The autumn storm has the flavor of duende, a wild turbulence of rain and hoary wind and cedar boughs torn and tumbling in the air. A gull rides downwind, moving at twenty knots or more, its neck feathers ruffled. Most of the birds are hunkered down in shallow dells, or in nests near the stream, or in barns among the fields. Offshore, the shallow sea is white with foam. Farther out, where the strait deepens, the swells are perhaps a dozen feet high. Part of me wishes I was out there, riding a windsurfing board or a sailing dinghy, joining the intensity and vitality of it. Such sports can indeed be hallucinogenic and spiritually fulfilling, every bit as good as ayahuasca and much better than eighteen hours of online gaming. Such experiences are capable of distilling vibrancy from the background noise and turbulence of daily life. They lead away from the quotidian and toward the experience of wonder. During storms, one might glimpse clearly the spirits of the sea.

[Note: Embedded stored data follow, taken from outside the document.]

(* For every $n\geq 2$, let $D_n^2$ be the random variable that chooses independently a pair of trees $T,T'\in\mathcal{T}_n$ and computes $d_{\varphi,2}(T,T')^2$. Under the Yule model its expected value is $$E_Y(D_n^2)=\frac{2n}{n-1}\big(3n^2-10n-1+8(n+1)H_n-4(n+1)H_n^2\big),$$ where $H_n=\sum_{i=1}^n 1/i$ is the $n$-th harmonic number.
   Context: A phylogenetic tree with $n$ leaves is a fully resolved (binary) rooted tree, viewed as a directed graph with arcs pointing away from the root, whose leaves are bijectively labeled by $\{1,\dots,n\}$; $\mathcal{T}_n$ denotes the set of all such trees (up to isomorphism preserving labels). The depth $\delta_T(v)$ of a node $v$ is the number of arcs from the root to $v$. For leaves $i\neq j$, the cophenetic value $\varphi_T(i,j)$ is the depth of the lowest common ancestor of $i$ and $j$; also $\varphi_T(i,i)=\delta_T(i)$. The euclidean cophenetic metric is $d_{\varphi,2}(T_1,T_2)=\sqrt{\sum_{1\le i\le j\le n}(\varphi_{T_1}(i,j)-\varphi_{T_2}(i,j))^2}$. The Yule model gives $T\in\mathcal{T}_n$ probability $P_Y(T)=\frac{2^{n-1}}{n!}\prod_{v}\frac{1}{\ell_T(v)-1}$, the product over internal nodes $v$ of $T$, with $\ell_T(v)$ the number of leaves descending from $v$. The two trees are chosen independently, each with probability $P_Y$. *)

From HB Require Import structures.
From mathcomp Require Import all_boot all_order all_algebra.
Set Implicit Arguments. Unset Strict Implicit. Unset Printing Implicit Defensive.
Import Order.TTheory GRing.Theory Num.Theory.
Local Open Scope ring_scope.

(* A phylogenetic tree on the leaf set 'I_n (labels 0..n-1 stand for 1..n),
   taken up to label-preserving isomorphism, is encoded by its set of
   clusters: each node v is identified with the set of leaves below v.
   [is_phylo H] says H is the cluster set of a fully resolved rooted tree:
   it contains the root cluster (all leaves) and every leaf {i}, no empty
   set, it is laminar (any two clusters are nested or disjoint), and every
   non-singleton cluster (= internal node) is the disjoint union of two
   clusters (its two children). *)
Definition laminar n (H : {set {set 'I_n}}) : bool :=
  [forall A in H, forall B in H,
     [|| A \subset B, B \subset A | [disjoint A & B]]].

Definition is_phylo n (H : {set {set 'I_n}}) : bool :=
  [&& [set: 'I_n] \in H, [forall i : 'I_n, [set i] \in H],
      set0 \notin H, laminar H &
      [forall A in H, (1 < #|A|)%N ==>
         [exists B in H, exists C in H,
            [&& B :|: C == A, [disjoint B & C], B != set0 & C != set0]]]].

Definition phylo_trees n : {set {set {set 'I_n}}} := [set H | is_phylo H].

(* depth of a node C = number of arcs from the root = number of proper
   ancestors of C. *)
Definition depth n (H : {set {set 'I_n}}) (C : {set 'I_n}) : nat :=
  #|[set D in H | C \proper D]|.

Definition lca n (H : {set {set 'I_n}}) (i j : 'I_n) : {set 'I_n} :=
  \bigcap_(D in H | (i \in D) && (j \in D)) D.

Definition coph n (H : {set {set 'I_n}}) (i j : 'I_n) : nat := depth H (lca H i j).

Definition dphi2 (R : rcfType) n (H1 H2 : {set {set 'I_n}}) : R :=
  Num.sqrt (\sum_(i : 'I_n) \sum_(j : 'I_n | (i <= j)%N)
              ((coph H1 i j)%:R - (coph H2 i j)%:R) ^+ 2).

Definition yule (R : rcfType) n (H : {set {set 'I_n}}) : R :=
  (2 ^ (n - 1))%:R / (n`!)%:R * \prod_(C in H | (1 < #|C|)%N) ((#|C| - 1)%:R)^-1.

Definition EY_D2 (R : rcfType) n : R :=
  \sum_(T in phylo_trees n) \sum_(T' in phylo_trees n)
     yule R T * yule R T' * (dphi2 R T T') ^+ 2.

Definition harmonic (R : rcfType) n : R := \sum_(1 <= i < n.+1) (i%:R)^-1.

(* Fix a leaf i of a leaf set S with |S| >= 2.  A tree on S is the same thing as a choice
   of the root child A containing i, a tree on A and a tree on S \ A (grafting them under a
   new root).  Under this bijection the Yule weight factors as
   2 |A|! (|S| - |A|)! / (|S|! (|S| - 1)) times the weights of the two subtrees, cophenetic
   values of leaves in A go up by one and those of leaves split by the root become 0.  Summing
   over A therefore gives recurrences in |S| for the Yule moments E[phi(i,j)] and
   E[phi(i,j)^2], which are solved by closed forms in the harmonic numbers H_s and H_s^(2).
   Since the two trees are independent, E[(phi_T(i,j) - phi_T'(i,j))^2] = 2 Var phi(i,j);
   summing over the n diagonal and n(n-1)/2 off-diagonal pairs, the H^(2) terms cancel. *)

From HB Require Import structures.
From mathcomp Require Import all_boot all_order all_algebra.
From mathcomp Require Import ring zify.
Set Implicit Arguments. Unset Strict Implicit. Unset Printing Implicit Defensive.
Import Order.TTheory GRing.Theory Num.Theory.
Local Open Scope ring_scope.

Section TreesOnLeafSets.

Variable n : nat.
Implicit Types (S A B D X : {set 'I_n}) (H : {set {set 'I_n}}) (i j : 'I_n).

Definition tree_on S H : bool :=
  [&& S \in H, [forall i in S, [set i] \in H], set0 \notin H,
      [forall A in H, A \subset S], laminar H &
      [forall A in H, (1 < #|A|)%N ==>
         [exists B in H, exists C in H,
            [&& B :|: C == A, [disjoint B & C], B != set0 & C != set0]]]].

Record tree_spec S H : Prop := TreeSpec {
  tree_root : S \in H;
  tree_leaf : forall i, i \in S -> [set i] \in H;
  tree_set0 : set0 \notin H;
  tree_sub : forall A, A \in H -> A \subset S;
  tree_laminar : forall A B, A \in H -> B \in H ->
    [|| A \subset B, B \subset A | [disjoint A & B]];
  tree_split : forall A, A \in H -> (1 < #|A|)%N -> exists B C,
    [/\ B \in H, C \in H, B :|: C = A, [disjoint B & C] & (B != set0) && (C != set0)]
}.

Lemma tree_onP S H : reflect (tree_spec S H) (tree_on S H).
Proof.
apply: (iffP and5P) => [[r /forall_inP l ne /forall_inP s /andP[/forall_inP la /forall_inP b]]|].
  constructor=> // [A B hA hB|A hA h1]; first by move/forall_inP: (la A hA); apply.
  case/implyP/(_ h1)/exists_inP: (b A hA) => B hB /exists_inP [C hC].
  by case/and4P=> /eqP e d B0 C0; exists B, C; rewrite B0.
case=> r l ne s la b; split=> //; try exact/forall_inP.
apply/andP; split; apply/forall_inP => A hA.
  by apply/forall_inP => B hB; apply: la.
apply/implyP => h1; have [B [C [hB hC e d /andP[B0 C0]]]] := b A hA h1.
by apply/exists_inP; exists B => //; apply/exists_inP; exists C; rewrite ?e ?eqxx ?d ?B0 ?C0.
Qed.

Lemma is_phylo_tree_on H : is_phylo H = tree_on [set: 'I_n] H.
Proof.
rewrite /is_phylo /tree_on; congr [&& _, _, _ & _].
  by apply/forallP/forall_inP => h i //; apply: h.
by rewrite (introT forall_inP (fun A _ => subsetT A)).
Qed.

Lemma tree_on_set1 x H : tree_on [set x] H = (H == [set [set x]]).
Proof.
apply/tree_onP/eqP => [[r _ ne s _ _]|->].
  apply/setP => D; rewrite inE; apply/idP/eqP => [hD|->//].
  by move: (s D hD); rewrite subset1 => /orP[/eqP|/eqP e] //; rewrite -e hD in ne.
split=> [|i||A|A B|A]; rewrite ?inE //.
- by move/eqP->.
- by apply/eqP => /setP/(_ x); rewrite !inE eqxx.
- by move/eqP->.
- by move=> /eqP-> /eqP->; rewrite subxx.
- by move/eqP->; rewrite cards1.
Qed.

Lemma depth_root S H : tree_on S H -> depth H S = 0%N.
Proof.
move/tree_onP=> tH; apply/eqP; rewrite cards_eq0; apply/eqP/setP => D; rewrite !inE.
by apply/negP => /andP[/(tree_sub tH) sDS]; rewrite properE sDS andbF.
Qed.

But I consider my experience with such excursions: the danger, the cold, the scars on my leg and head and hands from reckless journeys at sea. I hear that call, the dreaming of the siren song, but I will not follow it today. Too often have I followed it, toward harm to myself and others. Sometimes a taste of death permeates the ecstatic. Today I will walk on the shore with my wife. We will lean into each other in the face of the wind. The crescent bay to the southeast is a blur of cobalt cliffs and gray clouds shredding. A bald eagle perches on a swaying tree nearby, close enough that we can see the taut tendons holding its talons to the wood. The bird gazes indifferently upon us as we pass.
We sidestep hummocks of wind-borne kelp blown onto the path by the storm. Wet shards of the stuff are scattered among the blue-tinged stones, now dark with rain, that demarcate the path. A trickle of muddy water meanders across the gravel, snakes down the hill with its slick and unruly vegetation, and empties into the canal dug in the lee of the dike by farmers a century ago. I follow the descending runoff with my eye: toward the bracken-filled canal, into the sluggish stream that empties the waters into the bay. On the far side of the stream, a field of ripened and now moldering pumpkins – mud-spattered, thick roots entangling – spreads toward the old airfield.
And there they are: the crows of my mornings. Slicing merrily with their beaks into pumpkins, fashioning impromptu jack-o’-lanterns. It is not the shore to which they have been traveling but the fields, bountiful with the cast-off delicacies of the turning seasons. Black wings flutter. The crows gorge, scrabble, take flight for brief spells in the blustering wind. Theirs is a celebration of homecoming, of defiance of the earth’s parceling. They possess the land as it possesses them. Along the old road and in the field of feasting, their clan has found its own belonging, each to each.